May 30 2024 – 12:00pm

To listen to an audio version of this report, join the Patreon »

April’s revenue was $6,653, up from March’s $4,990. Profits were $4,524, up from March’s $1,667.

This month’s revenue and profit were both above-average relative to the prior twelve months. My average revenue for the previous twelve months has been $6,187. My average profit has been $3,693.

The major anomaly this month was my ActiveCampaign revenue, which was very high, at about $2,500, a level which isn’t repeated super often. Maybe two or three times per year.

Without that anomaly, revenue and profits would have been well below average. Indeed, profits from book sales were only $2,147, well below the average over the past twelve months of $2,720.

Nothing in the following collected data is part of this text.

Lemma hpartition_sub H P B : hpartition H P -> B \in P -> B \subset H.
Proof. by case/andP=> /and3P[/eqP <- _ _] _; apply: bigcup_sup. Qed.

Lemma hpartition_cover H P Z : hpartition H P -> Z \in H -> exists2 B, B \in P & Z \in B.
Proof. by case/andP=> /and3P[/eqP <- _ _] _ /bigcupP. Qed.

Lemma hpartition_disjoint H P B1 B2 : hpartition H P -> B1 \in P -> B2 \in P ->
  B1 != B2 -> [disjoint carrier B1 & carrier B2].
Proof.
case/andP=> _ /forall_inP hP B1P B2P.
by apply/implyP; move/forall_inP: (hP B1 B1P); apply.
Qed.

Lemma hpartition_set0 H P : hpartition H P -> set0 \notin P.
Proof. by case/andP=> /and3P[]. Qed.

Lemma hpartition_split H P B : hpartition H P -> B \in P ->
  [disjoint carrier B & carrier (H :\: B)].
Proof.
move=> hP BP; rewrite disjoint_sym disjoints_subset; apply/bigcupsP=> W.
rewrite inE => /andP[WnB WH]; have [B' B'P WB'] := hpartition_cover hP WH.
have neBB' : B != B' by apply: contraNneq WnB => ->.
rewrite -disjoints_subset (disjointWl (sub_carrier WB')) //.
by rewrite disjoint_sym (hpartition_disjoint hP).
Qed.

Lemma hpartitionI H P : cover P = H -> trivIset P -> set0 \notin P ->
  {in P &, forall B1 B2, B1 != B2 -> [disjoint carrier B1 & carrier B2]} ->
  hpartition H P.
Proof.
move=> cP tP P0 dP; apply/andP; split; first by rewrite /partition cP eqxx tP.
by apply/forall_inP=> B1 B1P; apply/forall_inP=> B2 B2P; apply/implyP; apply: dP.
Qed.

Definition trivial_hpartition H : {set {set {set T}}} :=
  if H == set0 then set0 else [set H].

Lemma hpartition_trivial H : hpartition H (trivial_hpartition H).
Proof.
rewrite /trivial_hpartition; case: eqP => [-> | /eqP H0].
  apply: hpartitionI => [|||B]; rewrite ?inE //; first exact: big_set0.
  by apply/trivIsetP=> B; rewrite inE.
apply: hpartitionI => [|||B1 B2]; rewrite ?cover1 ?inE 1?eq_sym //.
  by apply/trivIsetP=> B1 B2; rewrite !inE => /eqP-> /eqP->; rewrite eqxx.
by move=> /eqP-> /eqP->; rewrite eqxx.
Qed.

Definition unsplittable H := forall A, A \subset H ->
  [disjoint carrier A & carrier (H :\: A)] -> A = set0 \/ A = H.

Lemma hpartition_pair H A : A \subset H -> A != set0 -> A != H ->
  [disjoint carrier A & carrier (H :\: A)] -> hpartition H [set A; H :\: A].
Proof.
move=> sAH A0 AH dA.
have D0 : H :\: A != set0 by rewrite setD_eq0; apply: contra AH => sHA; rewrite eqEsubset sAH.
apply: hpartitionI.
- by rewrite /cover bigcup_setU !big_set1 -{1}(setIidPr sAH) setID.
- apply/trivIsetP=> B1 B2; rewrite !inE => /orP[]/eqP-> /orP[]/eqP->; rewrite ?eqxx //.
    by move=> _; rewrite -setI_eq0 setIDA setD_eq0 subsetIl.
  by move=> _; rewrite -setI_eq0 setIC setIDA setD_eq0 subsetIl.
- by rewrite !inE !(eq_sym set0) negb_or A0.
move=> B1 B2; rewrite !inE => /orP[]/eqP-> /orP[]/eqP->; rewrite ?eqxx // => _.
by rewrite disjoint_sym.
Qed.

Lemma unsplittable_hpartition H P :
  unsplittable H -> hpartition H P -> P = trivial_hpartition H.
Proof.
move=> nsH hP; have sPH : P \subset [set H].
  apply/subsetP=> B BP; rewrite inE.
  have [B0 | -> //] := nsH B (hpartition_sub hP BP) (hpartition_split hP BP).
  by move: (hpartition_set0 hP); rewrite -B0 BP.
have cPH : cover P = H by case/andP: hP => /and3P[/eqP].
rewrite /trivial_hpartition; move: sPH; rewrite subset1 => /orP[]/eqP PE.
  by move: (hpartition_set0 hP); rewrite PE inE eq_sym => /negbTE->.
by move: cPH; rewrite PE /cover big_set0 => <-; rewrite eqxx.
Qed.

Lemma connectedP H : connected H <-> unsplittable H.
Proof.
split=> [/cards1P[P0 eP] A sAH dA | nsH]; last first.
  apply/cards1P; exists (trivial_hpartition H); apply/setP=> P; rewrite !inE.
  by apply/idP/eqP=> [/(unsplittable_hpartition nsH) | ->]; last exact: hpartition_trivial.
have inP0 P : hpartition H P -> P = P0 by move=> hP; apply/set1P; rewrite -eP inE.
have [-> | A0] := eqVneq A set0; first by left.
have [-> | AH] := eqVneq A H; first by right.
have H0 : H != set0 by apply: contraNneq A0 => H0; rewrite -subset0 -H0.
have := inP0 _ (hpartition_trivial H).
rewrite -(inP0 _ (hpartition_pair sAH A0 AH dA)) /trivial_hpartition (negbTE H0).
by move/setP/(_ A); rewrite !inE eqxx (negbTE AH).
Qed.

Lemma unsplittable1 X : unsplittable [set X].
Proof. by move=> A; rewrite subset1 => /orP[]/eqP-> _; [right | left]. Qed.

Lemma unsplittable_side F G A : unsplittable G -> G \subset F -> A \subset F ->
  [disjoint carrier A & carrier (F :\: A)] -> G \subset A \/ G \subset F :\: A.
Proof.
move=> nsG sGF sAF dA.
have sGDF : G :\: (G :&: A) \subset F :\: A.
  apply/subsetP=> Z; rewrite !inE negb_and => /andP[nZGA ZG].
  by rewrite (subsetP sGF) // andbT; rewrite ZG in nZGA.
have dGA := disjointW (carrierS (subsetIr G A)) (carrierS sGDF) dA.
have [GA0 | GAG] := nsG _ (subsetIl G A) dGA.
  by right; rewrite -(setD0 G) -GA0.
by left; rewrite -GAG subsetIr.
Qed.

Lemma unsplittable_grow F G : unsplittable G -> G \subset F ->
  (forall W, W \in F -> ~~ [disjoint W & carrier G]) -> unsplittable F.
Proof.
move=> nsG sGF meetG A sAF dA.
case: (unsplittable_side nsG sGF sAF dA) => sG.
  right; apply/eqP; rewrite eqEsubset sAF; apply/subsetP=> W WF; apply: contraT => WnA.
  have WFA : W \in F :\: A by rewrite inE WnA.
  rewrite disjoint_sym in dA; move: (meetG W WF).
  by rewrite (disjointW (sub_carrier WFA) (carrierS sG) dA).
left; apply/eqP; rewrite -subset0; apply/subsetP=> W WA.
by move: (meetG W (subsetP sAF W WA)); rewrite (disjointW (sub_carrier WA) (carrierS sG) dA).
Qed.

But, my ROI on ad spend was back up to a respectable 131%, which is much better than previous months, when it was 44% and 70%. It’s still below the average of 161% for the past twelve months, and much of that improved ROI is probably left over from higher ad spend in previous months. But the impressive thing is $350 of that ad spend wasn’t even used to directly advertise books, but rather to grow my email list through Meta ads.

How to Sell a Book Preview Edition program underway

A couple of projects have manifested seemingly out of nowhere, and will hopefully help prop up my revenue while I work on Finish What Matters. One of those is How to Sell a Book.

I began writing a blog post about everything I’ve learned selling 100,000 self-published books. Now that I’m nearly 25,000 words in, it appears I’m almost done writing an entire new book!

I’ve reached the point where I’m confident enough I’ll finish this book soon that I can start selling a Preview Edition. A Preview Edition lets eager readers get early access to the valuable information I’m sharing in this book, and ask questions and provide feedback that will shape the First Edition of the book. A Preview Edition also gives me an injection of cash, and validates the idea while making a commitment to readers, which provides valuable motivational fuel.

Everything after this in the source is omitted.